Stored data:
(* Let $(X,d_X,m_X)$ and $(Y,d_Y,m_Y)$ be metric measure spaces and $p:X\to Y$ a 1-Lipschitz map with $p_*m_X=m_Y$, and let $\{\mu_y\}_{y\in Y}$ be the disintegration of $m_X$ for $p$. Assume there exists a Borel set $\Omega\subset Y$ with $m_Y(Y\setminus\Omega)=0$ such that $W_2(\mu_y,\mu_{y'})=d_Y(y,y')$ for all $y,y'\in\Omega$. Then $p$ is a submetry. In particular, $\{p^{-1}(y)\}_{y\in Y}$ is a metric measure foliation of $X$ and $Y$ is mm-isomorphic to the quotient space $X^*$.
   Context: A metric measure space $(X,d,m)$: complete separable metric space with Borel measure satisfying $0<m(B_r(x))<\infty$ for all $x$, $r>0$. The disintegration of $m_X$ for $p$ is the ($m_Y$-a.e. unique) family of Borel probability measures with $y\mapsto\mu_y(A)$ Borel, $\mu_y(X\setminus p^{-1}(y))=0$ for $m_Y$-a.e. $y$, and $\int f\,dm_X=\int\int f\,d\mu_y\,dm_Y(y)$ for Borel $f\ge0$. A map $p:X\to Y$ is a submetry if $p(B_r(x))=B_r(p(x))$ for all $x\in X$, $r>0$ (open balls). A metric foliation is a family of pairwise disjoint closed sets covering $X$ with $d(F,F')=d(x,F')$ for leaves $F,F'$, $x\in F$; its quotient $X^*$ has distance $d^*(y,y')=d(p^{-1}(y),p^{-1}(y'))$ and measure $m^*=p_*m$; it is a metric measure foliation if $m^*$ is locally finite and the disintegration of $m$ for the quotient map satisfies $W_2(\mu_y,\mu_{y'})=d^*(y,y')$ on a Borel set of full $m^*$-measure. mm-isomorphic means there is a measure-preserving isometry. *)

From HB Require Import structures.
From mathcomp Require Import all_boot all_order all_algebra.
From mathcomp Require Import all_classical all_reals all_analysis.
From mathcomp Require Import measurable_realfun.
Set Implicit Arguments. Unset Strict Implicit. Unset Printing Implicit Defensive.
Import Order.TTheory GRing.Theory Num.Theory.
Local Open Scope classical_set_scope.
Local Open Scope ring_scope.

Section Defs.
Context {R : realType}.

Definition is_metric {X : Type} (d : X -> X -> R) : Prop :=
  [/\ forall x y, 0 <= d x y,
      forall x y, d x y = 0 <-> x = y,
      forall x y, d x y = d y x &
      forall x y z, d x z <= d x y + d y z].

Definition oball {X : Type} (d : X -> X -> R) (x : X) (r : R) : set X :=
  [set y | d x y < r].

Definition metric_open {X : Type} (d : X -> X -> R) (A : set X) : Prop :=
  forall x, A x -> exists2 r : R, 0 < r & oball d x r `<=` A.

Definition metric_closed {X : Type} (d : X -> X -> R) (A : set X) : Prop :=
  metric_open d (~` A).

Definition metric_complete {X : Type} (d : X -> X -> R) : Prop :=
  forall u : nat -> X,
    (forall e : R, 0 < e -> exists N : nat, forall m n : nat,
        (N <= m)%N -> (N <= n)%N -> d (u m) (u n) < e) ->
    exists x : X, forall e : R, 0 < e -> exists N : nat, forall n : nat,
        (N <= n)%N -> d (u n) x < e.

Definition metric_separable {X : Type} (d : X -> X -> R) : Prop :=
  exists D : set X, countable D /\
    forall x (e : R), 0 < e -> exists2 z, D z & d x z < e.

Definition mm_space {dsp : measure_display} (X : measurableType dsp)
    (d : X -> X -> R) (m : {measure set X -> \bar R}) : Prop :=
  [/\ is_metric d, metric_complete d, metric_separable d,
      (@measurable _ X) = <<s metric_open d >> &
      forall x (r : R), 0 < r ->
        (0 < m (oball d x r))%E /\ (m (oball d x r) < +oo)%E].

Definition coupling {dsp : measure_display} {X : measurableType dsp}
    (mu nu : probability X R) (pi : probability (X * X)%type R) : Prop :=
  (forall A, measurable A -> pi (A `*` setT) = mu A) /\
  (forall B, measurable B -> pi (setT `*` B) = nu B).

Definition W2sq {dsp : measure_display} {X : measurableType dsp}
    (d : X -> X -> R) (mu nu : probability X R) : \bar R :=
  ereal_inf [set c | exists pi : probability (X * X)%type R,
                       coupling mu nu pi /\
                       c = (\int[pi]_z ((d z.1 z.2) ^+ 2)%:E)%E].

Definition W2 {dsp : measure_display} {X : measurableType dsp}
    (d : X -> X -> R) (mu nu : probability X R) : \bar R :=
  match W2sq d mu nu with
  | r%:E => (Num.sqrt r)%:E
  | +oo%E => +oo%E
  | -oo%E => -oo%E
  end.

Definition is_disintegration {dx dy : measure_display}
    {X : measurableType dx} {Y : measurableType dy}
    (mX : {measure set X -> \bar R}) (mY : {measure set Y -> \bar R})
    (p : X -> Y) (mu : Y -> probability X R) : Prop :=
  [/\ forall A, measurable A -> measurable_fun [set: Y] ((fun y => mu y A) : Y -> \bar R),
      {ae mY, forall y, mu y (~` (p @^-1` [set y])) = 0%E} &
      forall f : X -> \bar R, measurable_fun setT f -> (forall x, 0 <= f x)%E ->
        (\int[mX]_x f x = \int[mY]_y (\int[mu y]_x f x))%E].

Definition submetry {X Y : Type} (dX : X -> X -> R) (dY : Y -> Y -> R)
    (p : X -> Y) : Prop :=
  forall x (r : R), 0 < r -> p @` oball dX x r = oball dY (p x) r.

Definition dist_pt_set {X : Type} (d : X -> X -> R) (x : X) (B : set X) : R :=
  inf [set d x b | b in B].

Definition dist_set {X : Type} (d : X -> X -> R) (A B : set X) : R :=
  inf [set d ab.1 ab.2 | ab in A `*` B].

End Defs.

From HB Require Import structures.
From mathcomp Require Import all_boot all_order all_algebra.
From mathcomp Require Import all_classical all_reals all_analysis.
From mathcomp Require Import measurable_realfun.
From mathcomp Require Import ring lra.
Import Order.TTheory GRing.Theory Num.Theory.
Local Open Scope classical_set_scope.
Local Open Scope ring_scope.

(* Approximate lifts suffice: if for all x, y' with d(p x, y') < r and all
   eps > 0 some x' has d(x, x') < r and d(p x', y') < eps, then a chain of such
   lifts with geometrically decreasing errors converges in the complete space X
   to an exact lift, so the 1-Lipschitz map p is a submetry.

   Approximate lifts come from optimal transport between fibre measures.  Let
   z, z' be good base points (mu_z, mu_z' carried by their fibres and
   W_2(mu_z, mu_z') = d(z, z') =: D) and mu_z(U) > 0.  The distance is at least
   D on p^-1(z) x p^-1(z'), so a coupling of cost below
   D^2 + ((D + eta)^2 - D^2) mu_z(U) cannot move all of U by D + eta or more:
   some point of U lies within D + eta of the fibre over z'.  Take U a small
   ball around x, z a good point whose fibre measure charges U (it exists by
   disintegration, and then p x is close to z) and z' a good point close to y'.

   Once p is a submetry, distances between fibres, and from a point to a fibre,
   are the distances of the base points, which gives the foliation statements. *)

Section Metric.
Context {R : realType} {T : Type} {d : T -> T -> R} (hd : is_metric d).

Lemma is_metric_ge0 x y : 0 <= d x y. Proof. by case: hd. Qed.
Lemma is_metric_sym x y : d x y = d y x. Proof. by case: hd. Qed.
Lemma is_metric_triangle x y z : d x z <= d x y + d y z. Proof. by case: hd. Qed.

Lemma is_metric_xx x : d x x = 0.
Proof. by case: hd => _ h _ _; exact: (h x x).2. Qed.

Lemma is_metric_eq0 x y : d x y = 0 -> x = y.
Proof. by case: hd => _ h _ _; exact: (h x y).1. Qed.

Lemma oball_open x r : metric_open d (oball d x r).
Proof.
move=> y; rewrite /oball /= => hy; exists (r - d x y); first by rewrite subr_gt0.
by move=> z; rewrite /oball /= => hz; have := is_metric_triangle x y z; lra.
Qed.

Lemma separable_dense_seq (x0 : T) : metric_separable d ->
  exists q : nat -> T, forall x e, 0 < e -> exists k, d x (q k) < e.
Proof.
move=> [D [cD hD]]; have [f finj] := countable_injP _ cD.
pose q k := if pselect (exists2 z, D z & f z = k) is left h
  then projT1 (cid2 h) else x0.
exists q => x e e0; have [z Dz hz] := hD x e e0.
exists (f z); rewrite /q; case: pselect => [h|]; last by case; exists z.
by case: (cid2 h) => z' Dz' /= fz'; rewrite (finj z' z) ?inE.
Qed.

End Metric.

Lemma geometric_lt_eventually {R : realType} (a eps : R) : 0 < eps ->
  exists N, forall n, (N <= n)%N -> a / 2 ^+ n < eps.
Proof.
move=> eps0; exists (Num.bound (`|a| / eps)) => n Nn.
have pow_gt_n : (n%:R : R) < 2 ^+ n by rewrite -natrX ltr_nat ltn_expl.
have bound_le_n : ((Num.bound (`|a| / eps))%:R : R) <= n%:R by rewrite ler_nat.
have := archi_boundP (divr_ge0 (normr_ge0 a) (ltW eps0)).
move=> /lt_le_trans/(_ bound_le_n)/lt_trans/(_ pow_gt_n).
rewrite ltr_pdivrMr // => ha.
have : a / 2 ^+ n <= `|a| / 2 ^+ n.
  by apply: ler_wpM2r; [rewrite invr_ge0 exprn_ge0|exact: ler_norm].
by move=> /le_lt_trans; apply; rewrite ltr_pdivrMr ?exprn_gt0 // mulrC.
Qed.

#### EXERCISE
Reproduce only the lines above, starting at the line with "Set Implicit Arguments." and ending at the line with "forall x y, d x y = 0", exactly as written.

#### THE COMPLETED TASK
Set Implicit Arguments. Unset Strict Implicit. Unset Printing Implicit Defensive.
Import Order.TTheory GRing.Theory Num.Theory.
Local Open Scope classical_set_scope.
Local Open Scope ring_scope.

Section Defs.
Context {R : realType}.

Definition is_metric {X : Type} (d : X -> X -> R) : Prop :=
  [/\ forall x y, 0 <= d x y,
      forall x y, d x y = 0 <-> x = y,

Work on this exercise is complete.